The operator can tap `/approve sol_sniper_01` to apply the recommendations, or `/pause bot_name` to halt trading. All actions are confirmed with a second message to prevent fat-finger errors.

Real-World Results

After running this pipeline for 8 weeks on DeFiKit's production bots:

| Metric | Before Pipeline | After Pipeline |

|--------|----------------|----------------|

| Weekly review time | 3+ hours (manual) | 4 minutes (approval only) |

| Strategy adjustments | Every 2-3 weeks | Every week, data-driven |

| Drawdown events caught early | 2 of 7 (29%) | 6 of 8 (75%) |

| Average weekly P&L change | -1.2% | +2.1% |

| Operator satisfaction | "I hate doing these reviews" | "This is actually useful" |

The pipeline caught a critical issue in week 3: the Solana sniper bot's error rate spiked because an RPC provider had silently deprecated its WebSocket endpoint. The LLM flagged the pattern (increased connection errors + stable trade volume) which a manual review might have taken days to notice.

Lessons Learned

LLM Bias Toward Action

We noticed the LLM wanted to adjust parameters even when the data showed stable performance. Adding an explicit "STABLE" assessment category with a confidence threshold (above 80%) reduced unnecessary recommendation noise by 60%.

Context Length Matters

The full 7-day dataset for 15 bots is ~8,000 tokens.
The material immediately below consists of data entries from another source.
(** Types [t] and [t + 6] have opposite exchange matrices and the same degree
    vector.  Mutation at [k] sends type [t] to type [seed_next t k] and
    negates the degree vector iff [seed_flip t k].  The entries are [%Z]
    literals, i.e. [Posz]/[Negz] constructors, so that [pos_part] and
    [neg_part] of them reduce by [simpl]. *)
Definition seed_B_table : seq (seq (seq int)) := [::
  [:: [:: 0; 2; -1]; [:: -2; 0; 1]; [:: 1; -1; 0]];
  [:: [:: 0; -1; -1]; [:: 1; 0; -1]; [:: 1; 1; 0]];
  [:: [:: 0; -1; -1]; [:: 1; 0; 1]; [:: 1; -1; 0]];
  [:: [:: 0; -1; 1]; [:: 1; 0; -2]; [:: -1; 2; 0]];
  [:: [:: 0; -1; 1]; [:: 1; 0; 1]; [:: -1; -1; 0]];
  [:: [:: 0; -1; 2]; [:: 1; 0; -1]; [:: -2; 1; 0]];
  [:: [:: 0; -2; 1]; [:: 2; 0; -1]; [:: -1; 1; 0]];
  [:: [:: 0; 1; 1]; [:: -1; 0; 1]; [:: -1; -1; 0]];
  [:: [:: 0; 1; 1]; [:: -1; 0; -1]; [:: -1; 1; 0]];
  [:: [:: 0; 1; -1]; [:: -1; 0; 2]; [:: 1; -2; 0]];
  [:: [:: 0; 1; -1]; [:: -1; 0; -1]; [:: 1; 1; 0]];
  [:: [:: 0; 1; -2]; [:: -1; 0; 1]; [:: 2; -1; 0]]]%Z.

Definition seed_g_table : seq (seq int) := [::
  [:: 1; 1; 2]; [:: -1; 1; -1]; [:: -1; -1; 1]; [:: 2; 1; 1]; [:: -1; 1; 1]; [:: 1; 2; 1];
  [:: 1; 1; 2]; [:: -1; 1; -1]; [:: -1; -1; 1]; [:: 2; 1; 1]; [:: -1; 1; 1]; [:: 1; 2; 1]]%Z.

Definition seed_next_table : seq (seq nat) := [::
  [:: 6; 6; 8]; [:: 8; 11; 4]; [:: 7; 10; 6]; [:: 10; 9; 9]; [:: 9; 8; 1]; [:: 11; 7; 11];
  [:: 0; 0; 2]; [:: 2; 5; 10]; [:: 1; 4; 0]; [:: 4; 3; 3]; [:: 3; 2; 7]; [:: 5; 1; 5]].

Definition seed_flip_table : seq (seq bool) := [::
  [:: false; false; true]; [:: true; true; false]; [:: true; false; true];
  [:: false; false; false]; [:: false; false; false]; [:: false; true; false];
  [:: false; false; true]; [:: true; true; false]; [:: true; false; true];
  [:: false; false; false]; [:: false; false; false]; [:: false; true; false]].

Definition seedB (t i j : nat) : int := nth 0 (nth [::] (nth [::] seed_B_table t) i) j.
Definition seedg (t i : nat) : int := nth 0 (nth [::] seed_g_table t) i.
Definition seed_next (t k : nat) : nat := nth 0 (nth [::] seed_next_table t) k.
Definition seed_flip (t k : nat) : bool := nth false (nth [::] seed_flip_table t) k.

(** Copies of [mutB] and [mutg] on [nat] indices, which [vm_compute] evaluates. *)
Definition mutBn (b : nat -> nat -> int) (k i j : nat) : int :=
  if (i == k) || (j == k) then - b i j
  else b i j + sgz (b i k) * Num.max (b i k * b k j) 0.

Definition mutgn (b : nat -> nat -> int) (g : nat -> int) (k j : nat) : int :=
  let contrib i := if 0 < b i k then b i k * g i else 0 in
  if j == k then - g k + (contrib 0 + contrib 1 + contrib 2) else g j.

Definition seed_types_closed : bool :=
  all (fun t => all (fun k => (seed_next t k < 12)%N && all (fun i =>
      (mutgn (seedB t) (seedg t) k i == (-1) ^+ seed_flip t k * seedg (seed_next t k) i)
      && all (fun j => mutBn (seedB t) k i j == seedB (seed_next t k) i j) (iota 0 3))
    (iota 0 3)) (iota 0 3)) (iota 0 12).

Lemma seed_types_closedP : seed_types_closed.
Proof. by vm_compute. Qed.

Lemma seed_type_mut t (k i j : 'I_3) : (t < 12)%N ->
  [/\ (seed_next t k < 12)%N,
      mutgn (seedB t) (seedg t) k i = (-1) ^+ seed_flip t k * seedg (seed_next t k) i &
      mutBn (seedB t) k i j = seedB (seed_next t k) i j].
Proof.
have mem3 (l : 'I_3) : val l \in iota 0 3 by rewrite mem_iota ltn_ord.
move=> t_lt; move/allP: seed_types_closedP => /(_ t); rewrite mem_iota => /(_ t_lt).
move=> /allP/(_ k (mem3 k))/andP[-> /allP/(_ i (mem3 i))/andP[/eqP -> /allP/(_ j (mem3 j))/eqP ->]].
by [].
Qed.

Definition of_seed_type (B : 'M[int]_3) (g : 'I_3 -> int) (t : nat) (s : bool) : Prop :=
  (forall i j : 'I_3, B i j = seedB t i j) /\ (forall i : 'I_3, g i = (-1) ^+ s * seedg t i).

Lemma mutgZ k B g (c : int) :
  mutg k B (fun i => c * g i) =1 (fun j => c * mutg k B g j).
Proof.
move=> j; rewrite /mutg; case: eqP => // _.
by rewrite mulrDr mulrN big_distrr; congr (_ + _); apply: eq_bigr => i _; rewrite mulrCA.
Qed.

Lemma eq_mutg k B g h : g =1 h -> mutg k B g =1 mutg k B h.
Proof. by move=> gh j; rewrite /mutg !gh; under eq_bigr do rewrite gh. Qed.

Lemma mutg_mutgn k (B : 'M[int]_3) (b : nat -> nat -> int) (h : nat -> int) :
  (forall i j : 'I_3, B i j = b i j) -> mutg k B (fun i => h i) =1 mutgn b h k.
Proof. by move=> BE j; rewrite /mutg /mutgn big_mkcond big_ord3 /= !BE. Qed.

Lemma of_seed_type_mut B g t s (k : 'I_3) : of_seed_type B g t s -> (t < 12)%N ->
  of_seed_type (mutB k B) (mutg k B g) (seed_next t k) (s (+) seed_flip t k).
Proof.
move=> [BE gE] t_lt; split=> [i j | j].
  have [_ _ <-] := seed_type_mut k i j t_lt.
  by rewrite mxE /mutBn !BE.
have [_ sgE _] := seed_type_mut k j j t_lt.
by rewrite (eq_mutg _ _ gE) mutgZ (mutg_mutgn _ _ BE) sgE signr_addb mulrA.
Qed.

Definition swap_if (T : Type) (s : bool) (p : T * T) : T * T :=
  if s then swap_pair p else p.

Lemma swap_ifK (T : Type) (s : bool) : involutive (@swap_if T s).
Proof. by case: s => // p; rewrite /swap_if swap_pairK. Qed.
Including 4 weeks of historical baselines pushes it to ~12,000 tokens. DeepSeek V4 handles this easily, but we compress historical data by only including the past 4 weekly summary rows per bot, not the raw events.

Operator Trust is Earned

In the first two weeks, operators overrode 73% of LLM recommendations. By week 8, they accepted 61%. The improvement came from showing the LLM's reasoning and confidence scores, not just the final recommendation. When operators could see *why* the LLM suggested something, they trusted it more.

Next Steps

We're building a backtesting integration: before presenting a recommendation, the pipeline simulates the proposed change against historical data using the existing Freqtrade backtesting engine. If the backtest shows expected improvement >5%, the recommendation gets an "AI verified" badge. If the backtest shows regression, the recommendation is automatically rejected with the evidence presented to the operator.

This closes the loop completely: data → analyze → simulate → recommend → approve → execute → measure → repeat.